Shaking the carbon habit

What will it take to end our addiction to fossil fuels?

Her majesty was most certainly not amused. Before COP26 was even underway, the Queen dubbed leaders of some of the world’s most polluting nations, including Russia’s President Putin and President Xi Jinping of China – by far the biggest producer of greenhouse gases on the planet – “irritating” for failing to commit to even being there. And despite further doomsday warnings, some countries are once more accused of putting national interests before the survival of the planet. The major producers and exporters of fossil fuels remain reluctant to give up quickly the vast financial benefits that oil, coal and natural gas bring to their nations’ coffers. And while many leaders encourage increased measures to reduce global warming and cut pollution, the mixed messages and actions of governments, including the UK’s, causes confusion and gives scant encouragement to the public. Prime Minister Boris Johnson, at a Downing Street press conference with schoolchildren before the summit, said that recycling plastic was a “red herring” and that it “didn’t work”. He also cast major doubts on whether the global gathering of leaders would ultimately achieve its stated aims, saying it was “touch and go”.

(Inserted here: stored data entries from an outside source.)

Lemma rate_gap_root_iff c N u v s :
  0 < N -> 0 < u -> 0 < v -> 0 < s ->
  c * sqrt u / s - v + N / (s * s) = 0 <-> s * rate_gap c N u v = 2 * N.
Proof.
  intros HN Hu Hv Hs. unfold rate_gap.
  assert (Hr : 0 < c ^ 2 * u + 4 * N * v) by nra.
  set (S := sqrt (c ^ 2 * u + 4 * N * v)); set (su := sqrt u).
  assert (HS : 0 < S) by (apply sqrt_lt_R0; exact Hr).
  assert (HS2 : S * S = c ^ 2 * u + 4 * N * v) by (apply sqrt_sqrt; lra).
  assert (Hsu2 : su * su = u) by (apply sqrt_sqrt; lra).
  assert (Hconj : (S - c * su) * (S + c * su) = 4 * N * v).
  { replace (_ * _) with (S * S - c ^ 2 * (su * su)) by ring. rewrite HS2, Hsu2. ring. }
  assert (Hpos : 0 < S - c * su /\ 0 < S + c * su) by (split; nra).
  assert (Hquad : 4 * v * (v * s * s - c * su * s - N)
                  = (2 * v * s - c * su - S) * (2 * v * s - c * su + S))
    by (replace ((2 * v * s - c * su - S) * (2 * v * s - c * su + S))
          with ((2 * v * s - c * su) ^ 2 - S * S) by ring;
        rewrite HS2, <- Hsu2; ring).
  replace (c * su / s - v + N / (s * s)) with (- (v * s * s - c * su * s - N) / (s * s))
    by (field; lra).
  assert (Hvs : 0 < v * s) by nra.
  split; intros H.
  - assert (Hq : v * s * s - c * su * s - N = 0).
    { apply Rmult_integral in H as [H | H]; [lra |].
      exfalso. revert H. apply Rinv_neq_0_compat. nra. }
    assert (Hroot : 2 * v * s - c * su - S = 0).
    { rewrite Hq, Rmult_0_r in Hquad. symmetry in Hquad.
      apply Rmult_integral in Hquad as [Hr0 | Hr0]; lra. }
    apply (Rmult_eq_reg_r (S + c * su)); [| lra].
    rewrite Rmult_assoc, Hconj. nra.
  - assert (Hroot : 2 * N * (2 * v * s - c * su - S) = 0).
    { replace (2 * N * (2 * v * s - c * su - S))
        with (s * ((S - c * su) * (S + c * su)) - 2 * N * (S + c * su))
        by (rewrite Hconj; ring).
      rewrite <- Rmult_assoc, H. ring. }
    assert (Hq : v * s * s - c * su * s - N = 0).
    { apply Rmult_integral in Hroot as [Hr0 | Hr0]; [lra |].
      rewrite Hr0, Rmult_0_l in Hquad.
      apply Rmult_integral in Hquad as [Hr1 | Hr1]; lra. }
    rewrite Hq. unfold Rdiv. ring.
Qed.

Definition dispersion (g : R) : R := 1 - / (g + 1) ^ 2.

Definition Wgap (c N g : R) : R := rate_gap c N (dispersion g) (log2 (1 + g)).

Definition Egap (c N g : R) : R := rate_gap c N (dispersion g / g) (log2 (1 + g) / g).

Lemma dispersion_eq g : -1 < g -> dispersion g = g * (g + 2) / (g + 1) ^ 2.
Proof. intros Hg. unfold dispersion. field. lra. Qed.

Lemma dispersion_pos g : 0 < g -> 0 < dispersion g.
Proof.
  intros Hg. rewrite dispersion_eq by lra.
  apply Rdiv_lt_0_compat; [nra | apply pow_lt; lra].
Qed.

Lemma log2_1p_pos g : 0 < g -> 0 < log2 (1 + g).
Proof. intros Hg. apply Rdiv_lt_0_compat; [now apply ln_1p_pos | exact ln2_pos]. Qed.

Lemma is_derive_dispersion x : -1 < x -> is_derive dispersion x (2 / (x + 1) ^ 3).
Proof. intros Hx. unfold dispersion. auto_derive; [apply Rgt_not_eq; nra | field; lra]. Qed.

Lemma is_derive_log2_1p x :
  -1 < x -> is_derive (fun y => log2 (1 + y)) x (/ ((1 + x) * ln 2)).
Proof.
  intros Hx. pose proof ln2_pos. unfold log2.
  auto_derive; [lra | field; lra].
Qed.

Lemma Wgap_0 c N : Wgap c N 0 = 0.
Proof.
  unfold Wgap, rate_gap, log2. rewrite dispersion_eq, Rplus_0_r, ln_1 by lra.
  replace (c ^ 2 * (0 * (0 + 2) / (0 + 1) ^ 2) + 4 * N * (0 / ln 2)) with 0
    by (pose proof ln2_pos; field; lra).
  replace (0 * (0 + 2) / (0 + 1) ^ 2) with 0 by field.
  rewrite sqrt_0. ring.
Qed.

Lemma Wgap_continuity_pt c N g : -1 < g -> continuity_pt (Wgap c N) g.
Proof.
  intros Hg. apply continuity_pt_filterlim.
  assert (HV := is_derive_continuous _ _ _ (is_derive_dispersion g Hg)).
  assert (HL := is_derive_continuous _ _ _ (is_derive_log2_1p g Hg)).
  unfold Wgap, rate_gap.
  apply (continuous_minus (fun y => sqrt (c ^ 2 * dispersion y + 4 * N * log2 (1 + y)))
                          (fun y => c * sqrt (dispersion y))).
  - apply continuous_sqrt_comp.
    apply (continuous_plus (fun y => c ^ 2 * dispersion y) (fun y => 4 * N * log2 (1 + y))).
    + now apply (continuous_mult (fun _ => c ^ 2) dispersion); [apply continuous_const |].
    + now apply (continuous_mult (fun _ => 4 * N) (fun y => log2 (1 + y)));
        [apply continuous_const |].
  - apply (continuous_mult (fun _ => c) (fun y => sqrt (dispersion y)));
      [apply continuous_const | now apply continuous_sqrt_comp].
Qed.
Lemma Bmat_comm p q a b : B p q * B a b =
  pair_sgn p q a b *: (B a b * B p q) + (delta q a * index_sgn q) *: B p b
  - (pair_sgn p q a b * delta p b * index_sgn p) *: B a q.
Proof.
have rel_e := gl_e p q a b.
rewrite !ssign_mulr !mulr_natl -!scaler_nat -/(delta q a) -/(delta p b) in rel_e.
move/eqP: rel_e; rewrite subr_eq => /eqP rel_e.
rewrite !BmatE -!scalerAl -!scalerAr !scalerA rel_e !scalerDr ?scalerN !scalerA.
have -> : index_sgn p * index_sgn a * delta q a = delta q a * index_sgn q * index_sgn p.
  by rewrite mulrC mulrA (delta_subst q a index_sgn); ring.
have -> : index_sgn p * index_sgn a * pair_sgn p q a b * delta p b
    = pair_sgn p q a b * delta p b * index_sgn p * index_sgn a by ring.
have -> : index_sgn p * index_sgn a * pair_sgn p q a b
    = pair_sgn p q a b * index_sgn a * index_sgn p by ring.
by rewrite addrC addrA.
Qed.

Lemma Bmat_pow_comm k p q a b : B p q * (B ^+ k) a b =
  pair_sgn p q a b *: ((B ^+ k) a b * B p q) + (delta q a * index_sgn q) *: (B ^+ k) p b
  - (pair_sgn p q a b * delta p b * index_sgn p) *: (B ^+ k) a q.
Proof.
elim: k p q a b => [|k IH] p q a b.
  rewrite !Bmat_pow0 -!scalerAr -!scalerAl !scalerA mulr1 mul1r pair_sgn_deltar.
  have -> : pair_sgn p q a b * delta p b * index_sgn p * delta a q
      = delta q a * index_sgn q * delta p b.
    rewrite /delta; case: (eqVneq q a) => [->|]; case: (eqVneq p b) => [->|] //=;
      rewrite ?mulr0 ?mul0r ?mulr1 //.
    by rewrite mul1r; sgn_cases.
  by rewrite addrK.
have expand r : B p q * B a r * (B ^+ k) r b =
    (pair_sgn p q a r * pair_sgn p q r b) *: (B a r * ((B ^+ k) r b * B p q))
  + (pair_sgn p q a r * delta q r * index_sgn q) *: (B a r * (B ^+ k) p b)
  - (pair_sgn p q a r * pair_sgn p q r b * delta p b * index_sgn p) *: (B a r * (B ^+ k) r q)
  + (delta q a * index_sgn q) *: (B p r * (B ^+ k) r b)
  - (pair_sgn p q a r * delta p r * index_sgn p) *: (B a q * (B ^+ k) r b).
  rewrite Bmat_comm !mulrDl !mulNr -!scalerAl -[B a r * B p q * _]mulrA (IH p q r b).
  by rewrite !mulrDr !mulrN -!scalerAr !scalerDr ?scalerN !scalerA !mulrA.
rewrite [in LHS]mxpowSl mulr_sumr (eq_bigr _ (fun r _ => etrans (mulrA _ _ _) (expand r))).
rewrite ?sumrB ?big_split ?sumrB ?big_split /= sumrN.
have -> : \sum_r (pair_sgn p q a r * pair_sgn p q r b) *: (B a r * ((B ^+ k) r b * B p q))
    = pair_sgn p q a b *: ((B ^+ k.+1) a b * B p q).
  rewrite mxpowSl mulr_suml scaler_sumr.
  by apply: eq_bigr => r _; rewrite pair_sgn_transr mulrA.
have -> : \sum_r (pair_sgn p q a r * delta q r * index_sgn q) *: (B a r * (B ^+ k) p b)
    = (pair_sgn p q a q * index_sgn q) *: (B a q * (B ^+ k) p b).
  rewrite -(sum_delta q (fun r => pair_sgn p q a r * index_sgn q) (fun r => B a r * _)).
  apply: eq_bigr => r _; congr (_ *: _); ring.
have -> : \sum_r (pair_sgn p q a r * pair_sgn p q r b * delta p b * index_sgn p)
      *: (B a r * (B ^+ k) r q)
    = (pair_sgn p q a b * delta p b * index_sgn p) *: (B ^+ k.+1) a q.
  rewrite mxpowSl scaler_sumr.
  by apply: eq_bigr => r _; rewrite pair_sgn_transr.
have -> : \sum_r (delta q a * index_sgn q) *: (B p r * (B ^+ k) r b)
    = (delta q a * index_sgn q) *: (B ^+ k.+1) p b by rewrite mxpowSl scaler_sumr.
have -> : \sum_r (pair_sgn p q a r * delta p r * index_sgn p) *: (B a q * (B ^+ k) r b)
    = (pair_sgn p q a q * index_sgn q) *: (B a q * (B ^+ k) p b).
  have -> : pair_sgn p q a q * index_sgn q = pair_sgn p q a p * index_sgn p by sgn_cases.
  rewrite -(sum_delta p (fun r => pair_sgn p q a r * index_sgn p) (fun r => B a q * (B ^+ k) r b)).
  apply: eq_bigr => r _; congr (_ *: _); ring.
set y := _ *: (B a q * _); set x := _ *: (_ * B p q); set z := _ *: (B ^+ k.+1) p b.
by rewrite addrAC (addrAC x y z) (addrAC (x + z + y)) addrK.
Qed.

Lemma pow_Bmat_comm k p j i b : (B ^+ k) i b * B p j =
  pair_sgn p j i b *: (B p j * (B ^+ k) i b)
  - (pair_sgn p j i b * delta j i * index_sgn j) *: (B ^+ k) p b
  + (delta p b * index_sgn p) *: (B ^+ k) i j.
Proof.
rewrite Bmat_pow_comm !scalerDr !scalerN !scalerA pair_sgnK scale1r !mulrA pair_sgnK mul1r.
set x := _ * B p j; set y := _ *: (B ^+ k) p b; set z := _ *: (B ^+ k) i j.
by rewrite (addrAC x y) addrK subrK.
Qed.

Our readers appear to share the pessimistic view of the Prime Minister, with only a combined 18% of those surveyed thinking it likely that COP26 will succeed in mitigating the worst effects of climate change, and of that total, a mere 1% thought it “very likely”. Far more, a combined 68% believe that summit success in averting climate chaos is either “not very likely”, 48%, or “not likely at all”, 20%. However, only 5% admitted to knowing “a great deal” about COP26 and just 21% said they knew “a fair amount”. Those numbers increased in Scotland where more residents of the summit’s host nation appeared to have done their COP26 homework. Most of us say we are worried about climate change and the majority reckon the main responsibility for action is down to governments and major corporations. But when we learn that our government has allowed water companies to discharge huge quantities of raw sewage into our coastal waters and rivers more than 400,000 times in the past year alone, the public is surely entitled to ask – how can that possibly be contributing to cutting pollution? Our surveys indicate that a strong majority, 65%, believe it is still possible for us to avert the worst effects of climate change, but only 7% say that current changes are sufficient. A further 5% think there is no need to take action and 15% reckon it’s already too late. If that 15% are right, then who knows how many more ultimately pointless COP summits there will be?